Strength reduction could be replacing X with Y in a piece of code. For example, replacing a multiplication with an addition. The point is to simplify a more complex expression (multiplication) with an addition expression.

A loop invariable in compiler design are values that do not change within the scope of the loop.

An induction variable in compiler design is a variable that always gets increased or decreased by the same amount each time the loop iterates. When you have a particular loop for example:

for (i = 0; i < N; i++)

the variable i is always an induction variable. Induction variables can be said to be the values that are being iterated and changed every time the loop iterates.

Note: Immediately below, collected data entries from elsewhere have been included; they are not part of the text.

Lemma offdiag_col_sum_offrate N r0 i j x l : (i < N)%nat -> i <> j ->
  sumR N (fun c => if Nat.eqb c l then 0 else offrate r0 i j x c l) =
  sumR N (fun c => if Nat.eqb c l then 0 else r0 c l) + (x - r0 i j) * mid l j.
Proof.
  intros Hi Hij.
  rewrite (sumR_ext N _ (fun c => (if Nat.eqb c l then 0 else r0 c l) +
                                  (x - r0 i j) * mid l j * mid c i)).
  - now rewrite sumR_plus, sumR_mid_r.
  - intros c _. unfold offrate, mid.
    destruct (Nat.eqb_spec c l), (Nat.eqb_spec c i), (Nat.eqb_spec l j); simpl;
      subst; try lia; ring.
Qed.

Lemma rate_matrix_offrate N r0 i j x y k l : (i < N)%nat -> i <> j ->
  rate_matrix N (offrate r0 i j y) k l - rate_matrix N (offrate r0 i j x) k l =
  (y - x) * ((mid k i - mid k j) * mid l j).
Proof.
  intros Hi Hij. unfold rate_matrix. rewrite !offdiag_col_sum_offrate by auto.
  unfold offrate, mid.
  destruct (Nat.eqb_spec k l), (Nat.eqb_spec k i), (Nat.eqb_spec k j), (Nat.eqb_spec l j);
    simpl; subst; try lia; ring.
Qed.

Lemma is_rate_matrix_offrate N r0 i j x :
  (forall a b, (a < N)%nat -> (b < N)%nat -> a <> b -> 0 <= r0 a b) -> 0 <= x ->
  is_rate_matrix N (rate_matrix N (offrate r0 i j x)).
Proof.
  intros Hr Hx. split.
  - intros a b Ha Hb Hab. unfold rate_matrix, offrate.
    destruct (Nat.eqb_spec a b); [contradiction|].
    destruct (Nat.eqb a i && Nat.eqb b j); auto.
  - intros b Hb. unfold rate_matrix.
    set (S := sumR N (fun c => if Nat.eqb c b then 0 else offrate r0 i j x c b)).
    rewrite (sumR_ext N _ (fun a => (if Nat.eqb a b then 0 else offrate r0 i j x a b) +
                                    - S * mid a b)).
    + rewrite sumR_plus, (sumR_mid_r N b (fun _ => - S)) by auto. fold S. ring.
    + intros a _. unfold mid. destruct (Nat.eqb a b); ring.
Qed.

Section OneRate.

Variables (N : nat) (r0 : mat) (i j : nat) (w : C).
Hypotheses (Hi : (i < N)%nat) (Hj : (j < N)%nat) (Hij : i <> j)
  (Hr0 : forall a b, (a < N)%nat -> (b < N)%nat -> a <> b -> 0 <= r0 a b)
  (Hw : 0 < Re w).

Let P (x : R) : nat -> nat -> C := Phat N (rate_matrix N (offrate r0 i j x)) w.

Lemma Phat_offrate x y a b : 0 <= x -> 0 <= y -> (a < N)%nat -> (b < N)%nat ->
  P y a b = (P x a b + RtoC (y - x) * (P y a i - P y a j) * P x j b)%C.
Proof.
  intros Hx Hy Ha Hb.
  pose proof (second_resolvent_identity N w (P x) (P y) _ _ a b Ha Hb
    (fun l Hl => Phat_resolvent_r N _ w a l (is_rate_matrix_offrate N r0 i j y Hr0 Hy) Hw Ha Hl)
    (fun k Hk => Phat_resolvent_l N _ w k b (is_rate_matrix_offrate N r0 i j x Hr0 Hx) Hw Hk Hb))
    as Hdiff.
  rewrite (sumC_ext N _ (fun k => RtoC (y - x) * P x j b * (P y a k * RtoC (mid k i)) -
                                  RtoC (y - x) * P x j b * (P y a k * RtoC (mid k j)))%C)
    in Hdiff.
  - rewrite sumC_minus, !sumC_scal_l, !sumC_mid_r in Hdiff by auto.
    transitivity (P x a b + (P y a b - P x a b))%C; [ring|].
    rewrite Hdiff. ring.
  - intros k Hk.
    rewrite (sumC_ext N _ (fun l => P y a k * RtoC ((y - x) * (mid k i - mid k j)) *
                                    (RtoC (mid j l) * P x l b))%C).
    + rewrite sumC_scal_l, sumC_mid_l, !RtoC_mult, !RtoC_minus by auto. ring.
    + intros l Hl. rewrite rate_matrix_offrate, (mid_sym j l), !RtoC_mult by auto. ring.
Qed.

The following example is taken from Wikipedia. Lets say we have a program with a constant c, an array y, and a bound N. We have setup a loop that has a the loop counter i and is bounded by N. Each time we are setting the index i of array y by the constant multiplied by i.

c = 8;
for (i = 0; i < N; i++)
{
    y[i] = c * i;
}

Here the loop invariant is c, and the induction variable is i. The loop invariable is c because it’s a value set before the loop, and does not update in the scope of the loop. The induction variable is i because it’s the variable that is being iterated or changed at every iteration of the loop. I believe it can also be said that y[i] is an induction variable because it’s also being changed at each iteration of the loop, but we don’t need to make this statement (as you will see).

When the strength is reduced for this particular block of code, it becomes:

c = 8;
k = 0;
for (i = 0; i < N; i++)
{
    y[i] = k;
    k = k + c;
}